> Activity:
Entries follow. Give back exactly the lines starting at the one containing "Proof. by case: b; rewrite /sgnb ?normrN" and ending at the one containing "Proof. by rewrite /walsh big_mkcond. Qed.", and no other lines.

> Data listing:
☆ ☆ ☆

Lemma sgnb_sq b : sgnb R b * sgnb R b = 1.
Proof. by case: b; rewrite /sgnb ?mulr1 ?mulrNN ?mulr1. Qed.

Lemma normr_sgnb b : `|sgnb R b| = 1.
Proof. by case: b; rewrite /sgnb ?normrN normr1. Qed.

(* x^S as a product over all coordinates, the form suited to distributivity. *)
Lemma walshE S x : walsh R S x = \prod_(n : 'I_N) (if n \in S then sgnb R (x n) else 1).
Proof. by rewrite /walsh big_mkcond. Qed.

Lemma walsh_sq S x : walsh R S x * walsh R S x = 1.
Proof.
rewrite walshE -big_split /=; apply: big1 => n _.
by case: ifP => _; rewrite ?sgnb_sq ?mulr1.
Qed.

Lemma normr_walsh S x : `|walsh R S x| = 1.
Proof.
rewrite walshE normr_prod; apply: big1 => n _.
by case: ifP => _; rewrite ?normr1 ?normr_sgnb.
Qed.

Lemma card_cube : #|{: cube N}| = (2 ^ N)%N.
Proof. by rewrite card_ffun card_bool card_ord. Qed.

(* Orthogonality of the Walsh characters: the sum over the cube factorises
   coordinatewise, and a coordinate in T (+) S contributes a factor 0. *)
Lemma walsh_orth S T :
  \sum_(x : cube N) walsh R T x * walsh R S x = if T == S then 2%:R ^+ N else 0.
Proof.
under eq_bigr => x _ do rewrite !walshE -big_split /=.
rewrite -(bigA_distr_bigA (fun n b =>
  (if n \in T then sgnb R b else 1) * (if n \in S then sgnb R b else 1))) /=.
case: eqP => [<-|/eqP TS].
  rewrite (eq_bigr (fun _ => 2%:R)) ?prodr_const ?card_ord // => n _.
  by rewrite big_bool /=; case: ifP => _; rewrite ?mulrNN mulr1.
have [n Hn] : exists n, (n \in T) != (n \in S).
  apply/existsP; apply: contraNT TS => /existsPn H; apply/eqP/setP => n.
  by have := H n; rewrite negbK => /eqP.
rewrite (bigD1 n) //= big_bool /=.
move: Hn; case: (n \in T); case: (n \in S) => //= _;
  by rewrite /sgnb ?mulr1 ?mul1r ?addrN ?addNr mul0r.
Qed.

Lemma fhat_walsh_poly (a : {set 'I_N} -> R) S :
  fhat (fun x => \sum_T a T * walsh R T x) S = a S.
Proof.
rewrite /fhat; under eq_bigr => x _ do rewrite mulr_suml.
rewrite exchange_big /= (eq_bigr (fun T => a T * (if T == S then 2%:R ^+ N else 0))).
  rewrite (bigD1 S) //= eqxx big1 ?addr0; last by move=> T /negbTE ->; rewrite mulr0.
  by rewrite mulrCA mulVf ?mulr1 // expf_neq0 // pnatr_eq0.
by move=> T _; rewrite -walsh_orth big_distrr; apply: eq_bigr => x _; rewrite -mulrA.
Qed.

Lemma supnorm_ge (f : cube N -> R) x : `|f x| <= supnorm f.
Proof. exact: le_bigmax. Qed.

Lemma supnorm_le1 (f : cube N -> R) : (forall x, `|f x| <= 1) -> supnorm f <= 1.
Proof. by move=> H; apply: bigmax_le. Qed.

Lemma normr_fhat_le1 (f : cube N -> R) S : supnorm f <= 1 -> `|fhat f S| <= 1.
Proof.
move=> Hf; rewrite /fhat normrM normfV normrX ger0_norm ?ler0n //.
rewrite ler_pdivrMl ?exprn_gt0 ?ltr0n // mulr1.
apply: le_trans (ler_norm_sum _ _ _) _.
apply: (@le_trans _ _ (\sum_(x : cube N) (1 : R))).
  apply: ler_sum => x _; rewrite normrM normr_walsh mulr1.
  exact: le_trans (supnorm_ge f x) Hf.
by rewrite sumr_const card_cube natrX.
Qed.

Lemma lpnorm_ge0 p A (g : {set 'I_N} -> R) : 0 <= lpnorm p A g.
Proof. exact: powR_ge0. Qed.

Lemma lpnorm_mono p A (g h : {set 'I_N} -> R) : 0 < p ->
  (forall S, A S -> `|g S| <= `|h S|) -> lpnorm p A g <= lpnorm p A h.
Proof.
move=> p0 H; rewrite /lpnorm; apply: ge0_ler_powR.
- by rewrite invr_ge0 ltW.
- by rewrite nnegrE sumr_ge0 // => S _; exact: powR_ge0.
- by rewrite nnegrE sumr_ge0 // => S _; exact: powR_ge0.
apply: ler_sum => S AS; apply: ge0_ler_powR; rewrite ?nnegrE //; [exact: ltW | exact: H].
Qed.

Lemma lpnorm_scale p A (g h : {set 'I_N} -> R) (B : R) : 0 < p -> 0 < B ->
  (forall S, A S -> `|h S| = `|g S| / B) -> lpnorm p A h = lpnorm p A g / B.
Proof.
move=> p0 B0 H; rewrite /lpnorm.
rewrite (eq_bigr (fun S => `|g S| `^ p * (B `^ p)^-1)); last first.
  move=> S AS; rewrite H // (@powRM _ `|g S| B^-1 p) //; last by rewrite invr_ge0 ltW.
  by rewrite powRV // ltW.
have s0 : 0 <= \sum_(S | A S) `|g S| `^ p by apply: sumr_ge0 => S _; exact: powR_ge0.
rewrite -mulr_suml (@powRM _ _ (B `^ p)^-1 p^-1) //; last by rewrite invr_ge0 powR_ge0.
by rewrite powRV ?powR_ge0 // -powRrM mulfV ?gt_eqF // powRr1 // ltW.
Qed.

(* Every test function of the unit ball of B_N^A bounds the operator norm:
   the supremum exists since |xi_S fhat f S| <= |xi_S| bounds the whole set. *)
Lemma opnorm_ge_test p A xi (f : cube N -> R) : 0 < p -> spec_in A f -> supnorm f <= 1 ->
  lpnorm p A (fun S => xi S * fhat f S) <= mult_opnorm p A xi.
Proof.
move=> p0 sf nf; apply: sup_upper_bound; last by exists f.
split; first by exists (lpnorm p A (fun S => xi S * fhat f S)), f.
exists (lpnorm p A xi) => y [g [_ ng ->]].
apply: lpnorm_mono => // S _; rewrite normrM.
by rewrite -[leRHS]mulr1 ler_wpM2l // normr_fhat_le1.
Qed.

(* The zero function shows that the operator norm is nonnegative. *)
Lemma opnorm_ge0 p A xi : 0 < p -> 0 <= mult_opnorm p A xi.
Proof.
move=> p0; apply: le_trans (lpnorm_ge0 p A (fun S => xi S * fhat (fun _ => 0) S)) _.
apply: opnorm_ge_test => //.
  by move=> S _; rewrite /fhat big1 ?mulr0 // => x _; rewrite mul0r.
by apply: supnorm_le1 => x; rewrite normr0.
Qed.
(* Consider an MDP satisfying Assumption 1(b) and a policy $\pi$ inducing an ergodic chain. Suppose there exist a function $f:S\to[0,\infty)$ and constants $c_1>0$, $c_2\ge0$ such that for all states $s$, $$\mathbb E_\pi\big[f(s_{t+1})-f(s_t)\,\big|\,s_t=s\big]\ \le\ c_1\,r(s,\pi)+c_2.$$ Then there exist constants $c_3,c_4\ge0$ (one may take $c_3=2/c_1$) such that $V_\pi(s)\ge -c_3 f(s)-c_4$ for all $s\in S$.
   Context: MDP setting: countably infinite state space $S$, finite action set $A$, transition kernel $\mathbb P(s'\mid s,a)$, reward $r(s,a)$; for a policy $\pi$, $r(s,\pi)=\sum_a\pi(a\mid s)r(s,a)$ and $(s_t)$ is the Markov chain under $\pi$. $r_{\max}(s)=\max_a r(s,a)$. Assumption 1(b): for every $z\in\mathbb R$ the set $\{s:r_{\max}(s)\ge z\}$ is finite. $J_\pi$ is the average reward of $\pi$ (expectation of $r(s,\pi)$ under the stationary distribution). A distinguished state $\vec 0$ is fixed, and the relative value function $V_\pi$ solves $J_\pi+V_\pi(s)=r(s,\pi)+\sum_{s'}\mathbb P_\pi(s'\mid s)V_\pi(s')$ with $V_\pi(\vec 0)=0$, where $\mathbb P_\pi(s'\mid s)=\sum_a\pi(a\mid s)\mathbb P(s'\mid s,a)$; equivalently $V_\pi(s)$ is the expected sum of $r(s_t,a_t)-J_\pi$ from $s_0=s$ until first hitting $\vec 0$. *)

From HB Require Import structures.
From mathcomp Require Import all_boot all_order all_algebra.
From mathcomp Require Import all_classical all_reals all_analysis.
Set Implicit Arguments. Unset Strict Implicit. Unset Printing Implicit Defensive.
Import Order.TTheory GRing.Theory Num.Theory.
Local Open Scope classical_set_scope.
Local Open Scope ring_scope.

Definition is_kernel {R : realType} {S : countType} {A : finType}
  (P : S -> A -> S -> R) : Prop :=
  (forall s a s', 0 <= P s a s') /\
  (forall s a, \esum_(s' in [set: S]) (P s a s')%:E = 1%E).

Definition is_policy {R : realType} {S : countType} {A : finType}
  (pi : S -> A -> R) : Prop :=
  (forall s a, 0 <= pi s a) /\ (forall s, \sum_(a : A) pi s a = 1).

(* r_max(s) = max_a r(s,a)  (in \bar R, -oo for an empty action set). *)
Definition r_max {R : realType} {S : countType} {A : finType}
  (r : S -> A -> R) (s : S) : \bar R :=
  \big[Order.max/-oo%E]_(a : A) (r s a)%:E.

Definition assumption1b {R : realType} {S : countType} {A : finType}
  (r : S -> A -> R) : Prop :=
  forall z : R, finite_set [set s : S | (z%:E <= r_max r s)%E].

Definition r_pi {R : realType} {S : countType} {A : finType}
  (r : S -> A -> R) (pi : S -> A -> R) (s : S) : R :=
  \sum_(a : A) pi s a * r s a.

Definition P_pi {R : realType} {S : countType} {A : finType}
  (P : S -> A -> S -> R) (pi : S -> A -> R) (s s' : S) : R :=
  \sum_(a : A) pi s a * P s a s'.

Fixpoint P_pi_n {R : realType} {S : countType} {A : finType}
  (P : S -> A -> S -> R) (pi : S -> A -> R) (n : nat) (x y : S) : R :=
  match n with
  | 0 => if x == y then 1 else 0
  | n'.+1 => fine (\esum_(w in [set: S]) (P_pi_n P pi n' x w * P_pi P pi w y)%:E)
  end.

(* Taboo probabilities: taboo P pi z t x y = Pr_x(s_t = y and s_u <> z for
   all 1 <= u <= t).  Hence, with tau_z = min{t >= 1 : s_t = z},
   Pr_x(tau_z > t) = sum_y taboo P pi z t x y, and
   E_x[sum_{t < tau_z} g(s_t)] = sum_t sum_y taboo P pi z t x y * g(y). *)
Fixpoint taboo {R : realType} {S : countType} {A : finType}
  (P : S -> A -> S -> R) (pi : S -> A -> R) (z : S) (t : nat) (x y : S) : R :=
  match t with
  | 0 => if x == y then 1 else 0
  | t'.+1 => if y == z then 0 else
      fine (\esum_(w in [set: S]) (taboo P pi z t' x w * P_pi P pi w y)%:E)
  end.

(* E_x[tau_z] = sum_{t>=0} Pr_x(tau_z > t). *)
Definition exp_return_time {R : realType} {S : countType} {A : finType}
  (P : S -> A -> S -> R) (pi : S -> A -> R) (z x : S) : \bar R :=
  \esum_(t in [set: nat]) \esum_(y in [set: S]) (taboo P pi z t x y)%:E.

Definition irreducible {R : realType} {S : countType} {A : finType}
  (P : S -> A -> S -> R) (pi : S -> A -> R) : Prop :=
  forall x y : S, exists n, 0 < P_pi_n P pi n x y.

Definition aperiodic {R : realType} {S : countType} {A : finType}
  (P : S -> A -> S -> R) (pi : S -> A -> R) : Prop :=
  forall (x : S) (d : nat),
    (forall n, 0 < P_pi_n P pi n x x -> (d %| n)%N) -> d = 1%N.

Definition positive_recurrent {R : realType} {S : countType} {A : finType}
  (P : S -> A -> S -> R) (pi : S -> A -> R) : Prop :=
  forall z : S, (exp_return_time P pi z z < +oo)%E.

Definition ergodic {R : realType} {S : countType} {A : finType}
  (P : S -> A -> S -> R) (pi : S -> A -> R) : Prop :=
  irreducible P pi /\ aperiodic P pi /\ positive_recurrent P pi.

Definition stationary {R : realType} {S : countType} {A : finType}
  (P : S -> A -> S -> R) (pi : S -> A -> R) (mu : S -> R) : Prop :=
  (forall s, 0 <= mu s) /\
  \esum_(s in [set: S]) (mu s)%:E = 1%E /\
  (forall s', \esum_(s in [set: S]) (mu s * P_pi P pi s s')%:E = (mu s')%:E).

Definition posp {R : realType} (x : R) : R := Num.max x 0.
Definition negp {R : realType} (x : R) : R := Num.max (- x) 0.

(* Average reward J_pi = sum_s mu(s) r(s,pi)  (in \bar R; the positive part
   is always finite under Assumption 1(b)). *)
Definition avg_reward {R : realType} {S : countType} {A : finType}
  (r : S -> A -> R) (pi : S -> A -> R) (mu : S -> R) : \bar R :=
  (\esum_(s in [set: S]) (mu s * posp (r_pi r pi s))%:E
   - \esum_(s in [set: S]) (mu s * negp (r_pi r pi s))%:E)%E.

(* Relative value function:
   V_pi(x) = E_x[ sum_{t=0}^{tau_0 - 1} (r(s_t,pi) - J) ],
   tau_0 = min{t >= 1 : s_t = s0}, written as (positive part) - (negative part). *)
Definition rel_value {R : realType} {S : countType} {A : finType}
  (P : S -> A -> S -> R) (r : S -> A -> R) (pi : S -> A -> R) (s0 : S)
  (J : R) (x : S) : \bar R :=
  (\esum_(t in [set: nat]) \esum_(y in [set: S])
      (taboo P pi s0 t x y * posp (r_pi r pi y - J))%:E
   - \esum_(t in [set: nat]) \esum_(y in [set: S])
      (taboo P pi s0 t x y * negp (r_pi r pi y - J))%:E)%E.

(* With g the negative part of r(., pi) - J and V = (2 / c1) f, the drift
   hypothesis gives g + P0 V <= V + h, where P0 is P_pi killed on entering s0
   and h is bounded and supported on a finite superlevel set B of r_max:
   outside B the reward is so negative that the drift itself pays for g.
   Summing along the chain up to the return to s0, the negative part of
   V_pi(s) is at most V(s) plus the expected occupation of h before that
   return.  On B this occupation is finite by irreducibility and positive
   recurrence, hence bounded as B is finite, and from outside B it can only
   be smaller, since h vanishes there. *)

From HB Require Import structures.
From mathcomp Require Import all_boot all_order all_algebra.
From mathcomp Require Import all_classical all_reals all_analysis.
From mathcomp Require Import ring lra.
Set Implicit Arguments. Unset Strict Implicit. Unset Printing Implicit Defensive.
Import Order.TTheory GRing.Theory Num.Theory.
Local Open Scope classical_set_scope.
Local Open Scope ring_scope.
Local Open Scope ereal_scope.

Section esum_lemmas.
Context {R : realType}.

Lemma esum_ge_term (T : choiceType) (a : T -> \bar R) j :
  (forall i, 0 <= a i) -> a j <= \esum_(i in [set: T]) a i.
Proof.
move=> a0; apply: esum_ge; exists [set j]; first by split => //; exact: finite_set1.
by rewrite fsbig_set1.
Qed.

Lemma ge0_esumZl (T : choiceType) (a : T -> \bar R) (c : R) : (0 <= c)%R ->
  (forall i, 0 <= a i) ->
  \esum_(i in [set: T]) (c%:E * a i) = c%:E * \esum_(i in [set: T]) a i.
Proof.
move=> c0 a0; rewrite /esum -ereal_supZl //; last first.
  by apply/set0P; exists 0; exists set0; [exact: fsets_set0|rewrite fsbig_set0].
congr ereal_sup; apply/seteqP; split => y.
  move=> [X [finX XT] <-]; exists (\sum_(i \in X) a i); first by exists X.
  by rewrite !fsbig_finite// ge0_sume_distrr.
move=> [z [X [finX XT] Xz] <-]; subst z; exists X => //.
by rewrite !fsbig_finite// ge0_sume_distrr.
Qed.

Lemma ge0_esumZr (T : choiceType) (a : T -> \bar R) (c : R) : (0 <= c)%R ->
  (forall i, 0 <= a i) ->
  \esum_(i in [set: T]) (a i * c%:E) = (\esum_(i in [set: T]) a i) * c%:E.
Proof.
move=> c0 a0; rewrite [RHS]muleC -ge0_esumZl//; apply: eq_esum => i _; exact: muleC.
Qed.

Lemma exchange_esum (T1 T2 : choiceType) (a : T1 -> T2 -> \bar R) :
  (forall i j, 0 <= a i j) ->
  \esum_(i in [set: T1]) \esum_(j in [set: T2]) a i j =
  \esum_(j in [set: T2]) \esum_(i in [set: T1]) a i j.
Proof.
move=> a0; rewrite !(esum_esum (J := fun=> setT))//.
rewrite (reindex_esum ([set: T2] `*`` (fun=> [set: T1]))
  ([set: T1] `*`` (fun=> [set: T2])) (fun p => (p.2, p.1))) //.
split.
- by move=> [x y] _.
- by move=> [x y] [x' y'] _ _ /= [-> ->].
- by move=> [x y] _; exists (y, x).
Qed.

Lemma esum_delta (T : choiceType) (a : T -> \bar R) j :
  (forall i, i != j -> a i = 0) -> 0 <= a j -> \esum_(i in [set: T]) a i = a j.
Proof.
move=> aj aj0; rewrite (esumID [set j]); last first.
  by move=> i _; case: (eqVneq i j) => [->//|/aj ->].
rewrite setTI esum_set1// esum1 ?adde0// => i [_ /eqP ij]; exact: aj.
Qed.

Lemma esum_gt0_exists (T : choiceType) (a : T -> \bar R) :
  0 < \esum_(i in [set: T]) a i -> exists i, 0 < a i.
Proof.
move=> h; apply/not_existsP => hn; move: h; apply/negP; rewrite -leNgt.
apply: ge_ereal_sup => _ [X [finX _] <-]; apply: fsume_le0 => // i _.
by rewrite leNgt; apply/negP => /(fun H => hn i H).
Qed.

Lemma esum_shift_le (a : nat -> \bar R) n : (forall t, 0 <= a t) ->
  \esum_(t in [set: nat]) a (n + t)%N <= \esum_(t in [set: nat]) a t.
Proof.
move=> a0.
rewrite -(reindex_esum [set: nat] [set t | (n <= t)%N] (addn n) a); last first.
  split.
  - by move=> t _ /=; rewrite leq_addr.
  - by move=> x y _ _ /= /addnI.
  - by move=> t /= nt; exists (t - n)%N => //; rewrite subnKC.
rewrite esum_mkcond; apply: le_esum => i _; case: ifP => _ //.
Qed.

End esum_lemmas.

Section taboo_chain.
Context {R : realType} {S : countType} {A : finType}
  (P : S -> A -> S -> R) (pi : S -> A -> R) (z : S).
Hypothesis P_kernel : is_kernel P.
Hypothesis pi_policy : is_policy pi.

Local Notation PP := (P_pi P pi).
Local Notation tab := (taboo P pi z).

Lemma P_pi_ge0 x y : (0 <= PP x y)%R.
Proof.
by apply: sumr_ge0 => a _; apply: mulr_ge0; [exact: pi_policy.1|exact: P_kernel.1].
Qed.

Lemma P_pi_mass x : \esum_(y in [set: S]) (PP x y)%:E = 1.
Proof.
rewrite /P_pi; under eq_esum do rewrite -sumEFin.
rewrite esum_sum; last first.
  by move=> i j _ _; rewrite lee_fin mulr_ge0//; [exact: pi_policy.1|exact: P_kernel.1].
rewrite (eq_bigr (fun a => (pi x a)%:E)); first by rewrite sumEFin pi_policy.2.
move=> a _; under eq_esum do rewrite EFinM.
rewrite ge0_esumZl; first by rewrite P_kernel.2 mule1.
  exact: pi_policy.1.
by move=> i; rewrite lee_fin; exact: P_kernel.1.
Qed.

Lemma P_pi_le1 x y : (PP x y <= 1)%R.
Proof.
rewrite -lee_fin -(P_pi_mass x); apply: (esum_ge_term (a := fun y => (PP x y)%:E)).
by move=> i; rewrite lee_fin P_pi_ge0.
Qed.

Definition killed_kernel (x w : S) : R := if w == z then 0%R else PP x w.

Local Notation Q := killed_kernel.

Lemma killed_kernel_ge0 x w : (0 <= Q x w)%R.
Proof. by rewrite /Q; case: ifP => // _; exact: P_pi_ge0. Qed.

Lemma killed_kernel_le x w : (Q x w <= PP x w)%R.
Proof. by rewrite /Q; case: ifP => // _; exact: P_pi_ge0. Qed.

Lemma killed_kernel_mass x : \esum_(w in [set: S]) (Q x w)%:E <= 1.
Proof.
rewrite -(P_pi_mass x); apply: le_esum => w _; rewrite lee_fin; exact: killed_kernel_le.
Qed.

Lemma taboo_ge0 t x y : (0 <= tab t x y)%R.
Proof.
elim: t x y => [|t IH] x y /=; first by case: ifP.
case: ifP => // _; apply: fine_ge0; apply: esum_ge0 => w _.
by rewrite lee_fin mulr_ge0 ?IH ?P_pi_ge0.
Qed.

Definition taboo_step t x y := \esum_(w in [set: S]) (tab t x w * PP w y)%:E.

Lemma taboo_step_ge0 t x y : 0 <= taboo_step t x y.
Proof. by apply: esum_ge0 => w _; rewrite lee_fin mulr_ge0 ?taboo_ge0 ?P_pi_ge0. Qed.

Lemma taboo_step_le t x y :
  taboo_step t x y <= \esum_(w in [set: S]) (tab t x w)%:E.
Proof.
apply: le_esum => w _; rewrite lee_fin -[leRHS]mulr1 ler_wpM2l ?taboo_ge0//.
exact: P_pi_le1.
Qed.

Lemma taboo_mass t x : \esum_(y in [set: S]) (tab t x y)%:E <= 1.
Proof.
elim: t x => [|t IH] x.
  rewrite (esum_delta (j := x)) /= ?eqxx//.
  by move=> i; rewrite eq_sym => /negPf ->.
apply: (@le_trans _ _ (\esum_(y in [set: S]) taboo_step t x y)).
  apply: le_esum => y _ /=; case: ifP => _; first exact: taboo_step_ge0.
  rewrite fineK// ge0_fin_numE ?taboo_step_ge0//.
  by rewrite (le_lt_trans (taboo_step_le _ _ _)) // (le_lt_trans (IH x)) ?ltry.
rewrite /taboo_step exchange_esum; last first.
  by move=> *; rewrite lee_fin mulr_ge0 ?taboo_ge0 ?P_pi_ge0.
apply: le_trans (IH x); apply: le_esum => w _.
under eq_esum do rewrite EFinM.
rewrite ge0_esumZl ?taboo_ge0// ?P_pi_mass ?mule1//.
by move=> i; rewrite lee_fin P_pi_ge0.
Qed.

Lemma taboo_step_fin_num t x y : taboo_step t x y \is a fin_num.
Proof.
rewrite ge0_fin_numE ?taboo_step_ge0//.
by rewrite (le_lt_trans (taboo_step_le _ _ _)) // (le_lt_trans (taboo_mass _ _)) ?ltry.
Qed.

Lemma taboo_succ t x y :
  (tab t.+1 x y)%:E = if y == z then 0 else taboo_step t x y.
Proof. by rewrite /=; case: ifP => // _; rewrite fineK// taboo_step_fin_num. Qed.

☆ ☆ ☆

> Answer for the task:
Proof. by case: b; rewrite /sgnb ?normrN normr1. Qed.

(* x^S as a product over all coordinates, the form suited to distributivity. *)
Lemma walshE S x : walsh R S x = \prod_(n : 'I_N) (if n \in S then sgnb R (x n) else 1).
Proof. by rewrite /walsh big_mkcond. Qed.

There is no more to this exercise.